Gold metalloantibiotics, or compounds having an ion of gold at their center, are an intriguing prospective new treatment method because it is now known that gold has antibacterial properties. Therefore, they offer a promising new approach due to their antibacterial effects.
The various techniques used by gold-based antibiotics to kill bacteria damage their DNA, interfere with the functioning of the bacterial membrane, and prevent enzymes from working. Antimicrobial resistance is unlikely to develop thanks to this multimodal process.
A group of Spanish researchers have now looked into this, testing 19 gold-based compounds, and discovered that all of them were successful against at least one difficult-to-treat bacterium, with some of them being effective against multiple.
In a press release earlier, The European Society of Clinical Microbiology and Infectious Diseases said the ground-breaking study based on gold was scheduled for presentation at the next European Congress of Clinical Microbiology & Infectious Diseases (ECCMID) in Copenhagen, Denmark.
Dr. Sara M. Soto González and her team evaluated 19 gold-based compounds against various difficult-to-treat bacteria as part of the study at the Barcelona Institute for Global Health in Barcelona, Spain. Sixteen (or 84%) of the compounds were successful in treating infections that were resistant to medication.

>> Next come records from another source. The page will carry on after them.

Lemma factors_in_sub (X : Obj C) (s : adm_series E X) (P P' : Obj C -> Prop) :
  (forall Q, P Q -> P' Q) -> factors_in s P -> factors_in s P'.
Proof.
by move=> PP' sP i lti; have [Q [q [qC PQ]]] := sP i lti; exists Q, q; split; last exact: PP'.
Qed.

Lemma factors_in_and (X : Obj C) (s : adm_series E X) (P P' : Obj C -> Prop) :
  iso_closed P -> factors_in s P -> factors_in s P' -> factors_in s (fun Q => P Q /\ P' Q).
Proof.
move=> Piso sP sP' i lti; have [Q [q [qC P'Q]]] := sP' i lti.
exists Q, q; do 2!split=> //.
exact: (factors_inP s Piso).1 sP i Q lti (ex_intro _ q qC).
Qed.

Lemma zero_series (Z : Obj C) : is_zero_obj Z -> exists s : adm_series E Z, slen s = 0.
Proof.
move=> zZ.
by unshelve eexists (@AdmSeries _ _ _ 0 (fun=> Z) (fun=> 0%R) zZ _ (iso_obj_refl Z)).
Qed.

Definition series_trunc (X : Obj C) (s : adm_series E X) (k : nat) (lek : k <= slen s) :
    adm_series E (sobj s k) :=
  @AdmSeries C E (sobj s k) k (sobj s) (smap s) (sobj0 s)
    (fun i lti => sinfl (leq_trans lti lek)) (iso_obj_refl _).

Definition series_retarget (X X' : Obj C) (s : adm_series E X) (XX' : iso_obj X X') :
    adm_series E X' :=
  @AdmSeries C E X' (slen s) (sobj s) (smap s) (sobj0 s) (@sinfl _ _ _ s)
    (iso_obj_trans (stop s) XX').

Definition cast_hom (A A' B B' : Obj C) (eA : A = A') (eB : B = B') (h : Hom A B) : Hom A' B' :=
  match eA in _ = A0, eB in _ = B0 return Hom A0 B0 with erefl, erefl => h end.

Lemma cast_homP (R : forall A B : Obj C, Hom A B -> Prop) (A A' B B' : Obj C)
    (eA : A = A') (eB : B = B') (h : Hom A B) :
  R A B h -> R A' B' (cast_hom eA eB h).
Proof. by case: _ / eA; case: _ / eB. Qed.

Definition snoc_obj (F : nat -> Obj C) (n : nat) (Y : Obj C) (i : nat) : Obj C :=
  if i == n.+1 then Y else F i.

Lemma snoc_obj_lt (F : nat -> Obj C) n Y i : (i < n)%coq_nat -> F i = snoc_obj F n Y i.
Proof. by move/ltP=> ltin; rewrite /snoc_obj ifF //; lia. Qed.

Lemma snoc_obj_ltS (F : nat -> Obj C) n Y i : (i < n)%coq_nat -> F i.+1 = snoc_obj F n Y i.+1.
Proof. by move/ltP=> ltin; rewrite /snoc_obj ifF //; lia. Qed.

Lemma snoc_obj_eq (F : nat -> Obj C) n Y i : i = n -> F n = snoc_obj F n Y i.
Proof. by move=> ->; rewrite /snoc_obj ifF //; lia. Qed.

Lemma snoc_obj_eqS (F : nat -> Obj C) n Y i : i = n -> Y = snoc_obj F n Y i.+1.
Proof. by move=> ->; rewrite /snoc_obj eqxx. Qed.

Definition snoc_map (F : nat -> Obj C) (m : forall i, Hom (F i) (F i.+1)) (n : nat) (Y : Obj C)
    (h : Hom (F n) Y) (i : nat) : Hom (snoc_obj F n Y i) (snoc_obj F n Y i.+1) :=
  match lt_eq_lt_dec i n with
  | inleft (left ltin) => cast_hom (@snoc_obj_lt F n Y i ltin) (@snoc_obj_ltS F n Y i ltin) (m i)
  | inleft (right ein) => cast_hom (@snoc_obj_eq F n Y i ein) (@snoc_obj_eqS F n Y i ein) h
  | inright _ => 0%R
  end.

Lemma snoc_map_lt (R : forall A B : Obj C, Hom A B -> Prop) (F : nat -> Obj C)
    (m : forall i, Hom (F i) (F i.+1)) n Y (h : Hom (F n) Y) i :
  i < n -> R _ _ (m i) -> R _ _ (snoc_map m h i).
Proof.
rewrite /snoc_map => ltin Rm; case: lt_eq_lt_dec => [[ltin' | ein] | ltni].
- exact: cast_homP.
- by exfalso; lia.
- by exfalso; move/ltP: ltni; lia.
Qed.

Lemma snoc_map_eq (R : forall A B : Obj C, Hom A B -> Prop) (F : nat -> Obj C)
    (m : forall i, Hom (F i) (F i.+1)) n Y (h : Hom (F n) Y) :
  R _ _ h -> R _ _ (snoc_map m h n).
Proof.
rewrite /snoc_map => Rh; case: lt_eq_lt_dec => [[ltnn | enn] | ltnn].
- by exfalso; move/ltP: ltnn; lia.
- exact: cast_homP.
- by exfalso; move/ltP: ltnn; lia.
Qed.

The 19 gold compounds investigated have been shown to be effective against various multidrug-resistant bacteria samples obtained from ill individuals despite belonging to the same family but having slightly varied structures.
Methicillin-resistant Staphylococcus aureus (MRSA), which can cause skin and other infections, Staphylococcus epidermidis, which can cause catheter-associated infections, Pseudomonas aeruginosa, Stenotrophomonas maltophilia, which can result in infections including pneumonia, Acinetobacter baumannii, which can cause blood and urinary tract infections and pneumonia, and Escherichia coli, which causes pneumonia and urinary tract infections were the six bacteria studied.

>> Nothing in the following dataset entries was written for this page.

Definition equilibrium_price (F : probability R R) (n m : nat)
  (T : R -> n.-tuple R -> {set 'I_n} -> R) (z : R) : Prop :=
  0 < z /\ ET F m T z = z.

Definition asymptotically_stable (F : probability R R) (n m : nat)
  (T : R -> n.-tuple R -> {set 'I_n} -> R) : Prop :=
  forall q0 : R, 0 < q0 ->
    exists z : R, equilibrium_price F m T z /\
      (fun k : nat => iter k (ET F m T) q0) @ \oo --> z.

End Mechanisms.

(* Take F to be the point mass at 1 and m = n + 1 slots, with n large enough
   that z := n / m satisfies z (1 + delta) > 1.  Every bidder then gets a slot
   whenever q <= 1, so E_T is an explicit piecewise-linear map.  For UDPP it
   is q |-> (1 - alpha + alpha (1 + delta) z) q > q on (0, 1] and
   q |-> (1 - alpha) q < q above 1: there is no equilibrium price at all.  For
   TWDPP the capped payments make E_T the contraction
   q |-> (1 - alpha) q + alpha z towards z on [1 / (1 + delta), 1]; the map
   expands geometrically below that band and shrinks geometrically above 1,
   so every orbit enters the band, stays there, and converges to z. *)

From HB Require Import structures.
From mathcomp Require Import all_boot all_order all_algebra.
From mathcomp Require Import all_classical all_reals all_analysis.
From mathcomp Require Import measurable_realfun lra ring.
Set Implicit Arguments. Unset Strict Implicit. Unset Printing Implicit Defensive.
Import Order.TTheory GRing.Theory Num.Theory.
Import numFieldNormedType.Exports.
Import HBNNSimple.
Local Open Scope classical_set_scope.
Local Open Scope ring_scope.

Section DiracIntegral.
Context d (T : measurableType d) (R : realType) (a : T).
Hypothesis ma : measurable [set a].
Local Open Scope ereal_scope.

All these strains that were studied were multidrug resistant. Four of the bacteria from the study have been recognized by the World Health Organization (WHO) (S. aureus, A. baumannii, P. aeruginosa, and E. coli) as "priority pathogens" because they are antibiotic-resistant and pose a severe threat to human health. In addition, the lungs in patients with cystic fibrosis are increasingly being found to harbor multidrug-resistant S. maltophilia.

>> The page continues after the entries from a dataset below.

(* Let $\nabla$ be a symplectic self-duality of a locally compact abelian group $L$. If $L$ has a compact open subgroup, then $L$ has a compact open subgroup $G$ with $G=\{x\in L:\nabla(x)(g)=0\ \text{for all } g\in G\}$ (i.e. a compact open maximal isotropic subgroup).
   Context: $\mathbf T=\mathbf R/\mathbf Z$; $\hat L$ is the Pontryagin dual of a locally compact abelian group $L$. A symplectic self-duality of $L$ is an isomorphism of topological groups $\nabla:L\to\hat L$ with $\nabla(x)(x)=0$ for all $x\in L$. A subgroup $N$ is isotropic if $\nabla(x)(y)=0$ for all $x,y\in N$. *)

From HB Require Import structures.
From mathcomp Require Import all_boot all_order all_algebra generic_quotient.
From mathcomp Require Import all_classical all_reals all_analysis.
From mathcomp Require Import Rstruct Rstruct_topology.
Set Implicit Arguments. Unset Strict Implicit. Unset Printing Implicit Defensive.
Import Order.TTheory GRing.Theory Num.Theory.
Local Open Scope classical_set_scope.
Local Open Scope ring_scope.
Local Open Scope quotient_scope.

Definition Rreal : realType := Rdefinitions.R.

Definition modZ_rel : rel Rreal := fun x y => (x - y) \is a Num.int.

Lemma modZ_refl : reflexive modZ_rel.
Proof. by move=> x; rewrite /modZ_rel subrr rpred0. Qed.

Lemma modZ_sym : symmetric modZ_rel.
Proof. by move=> x y; rewrite /modZ_rel -opprB rpredN. Qed.

Lemma modZ_trans : transitive modZ_rel.
Proof.
move=> y x z; rewrite /modZ_rel => hxy hyz.
by rewrite -(subrKA y) addrC; apply: rpredD.
Qed.

Definition modZ : equiv_rel Rreal := EquivRel modZ_rel modZ_refl modZ_sym modZ_trans.

Definition RmodZ := {eq_quot modZ}%qT.
Definition TT : topologicalType := quotient_topology RmodZ.

Definition Tzero : TT := \pi_RmodZ (0 : Rreal).
Definition Tadd (a b : TT) : TT := \pi_RmodZ (repr a + repr b : Rreal).

(** * Pontryagin dual of a topological abelian group L:
    continuous homomorphisms L -> T, as a subset of the space L -> T
    carrying the compact-open topology. *)
Definition is_character (L : topologicalZmodType) (chi : L -> TT) : Prop :=
  continuous chi /\ forall x y : L, chi (x + y) = Tadd (chi x) (chi y).

Definition dual (L : topologicalZmodType) : set {compact-open, L -> TT} :=
  [set chi | is_character chi].
Arguments dual : clear implicits.

Definition LCA (L : topologicalZmodType) : Prop :=
  hausdorff_space L /\ locally_compact [set: L].

(** nabla : L -> hat L is an isomorphism of topological groups *)
Definition topgrp_iso_dual (L : topologicalZmodType) (nabla : L -> L -> TT) : Prop :=
  [/\ (forall x, dual L (nabla x)),
      (forall x y z, nabla (x + y) z = Tadd (nabla x z) (nabla y z)),
      (injective nabla /\ forall chi, dual L chi -> exists x, nabla x = chi),
      continuous (nabla : L -> {compact-open, L -> TT})
    & (forall U : set L, open U ->                       (* open onto hat L *)
         exists V : set {compact-open, L -> TT}, open V /\ nabla @` U = V `&` dual L)].

Definition symplectic_self_duality (L : topologicalZmodType) (nabla : L -> L -> TT) : Prop :=
  topgrp_iso_dual nabla /\ forall x : L, nabla x x = Tzero.

Definition is_subgroup (L : zmodType) (G : set L) : Prop :=
  G 0 /\ forall x y, G x -> G y -> G (x - y).

Definition compact_open_subgroup (L : topologicalZmodType) (G : set L) : Prop :=
  [/\ is_subgroup G, compact G & open G].

From HB Require Import structures.
From mathcomp Require Import all_boot all_order all_algebra generic_quotient finmap.
From mathcomp Require Import all_classical all_reals all_analysis.
From mathcomp Require Import Rstruct Rstruct_topology ring lra zify.
Set Implicit Arguments. Unset Strict Implicit. Unset Printing Implicit Defensive.
Import Order.TTheory GRing.Theory Num.Theory.
Local Open Scope classical_set_scope.
Local Open Scope ring_scope.
Local Open Scope quotient_scope.

(* Write x ⟂ y when ∇(x)(y) = 0; since ∇ is alternating, ⟂ is symmetric.
   Let H be a compact open subgroup.  By continuity of ∇, every ∇(x) with x near 0
   maps H into a small neighbourhood of 0 in T, hence kills H because T has no
   small subgroups; so U = H ∩ H^⟂ is an open isotropic subgroup.  By Zorn, U lies
   in a maximal isotropic set M, and maximality gives M = M^⟂, an open, hence
   closed, subgroup.  By openness of ∇, ∇(H) contains a compact-open neighbourhood
   {χ | χ(K) ⊆ W} of 0; covering K by finitely many translates f + U shows that
   the values of x ∈ U^⟂ at these points f determine ∇(x) on K up to a small
   error, so U^⟂ is covered by finitely many translates of H.  Thus the closed
   set M ⊆ U^⟂ is compact. *)

Definition piT (r : Rreal) : TT := \pi_RmodZ r.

In experiments, MRSA and S. epidermidis were successfully inhibited by 84% of the gold compounds.
The gold metalloantibiotics all successfully combated the remaining 16 gram-negative bacteria. However, antibiotic resistance in gram-negative bacteria is more pronounced, making the need for novel therapies even more urgent.
"All of the gold compounds were effective against at least one of the bacterial species studied, and some displayed potent activity against several multidrug-resistant bacteria," Soto González stated in the press release.
As the two most common causes of hospital-acquired infections, it is particularly encouraging to learn that several of the gold complexes were effective against MRSA and multidrug-resistant A. baumannii.
"Gold (III) complexes, the kind of gold complexes we examined, are comparatively simple and affordable to produce. The doctor continued that they are also simple to modify, which opens up a ton of potential for therapeutic development. The future is optimistic for gold-based antibiotics, as evidenced by research on different varieties of gold metalloantibiotics.
According to the study, gold complexes kill bacteria using several methods, such as inhibiting the activity of enzymes, interfering with the operation of the bacterial membrane, and causing DNA damage. According to scientists, this procedure should stop the emergence of antibiotic resistance.
Gold-based antibiotics have a bright future. Due to their antibacterial properties, substances having a gold ion at their center present a promising new treatment strategy.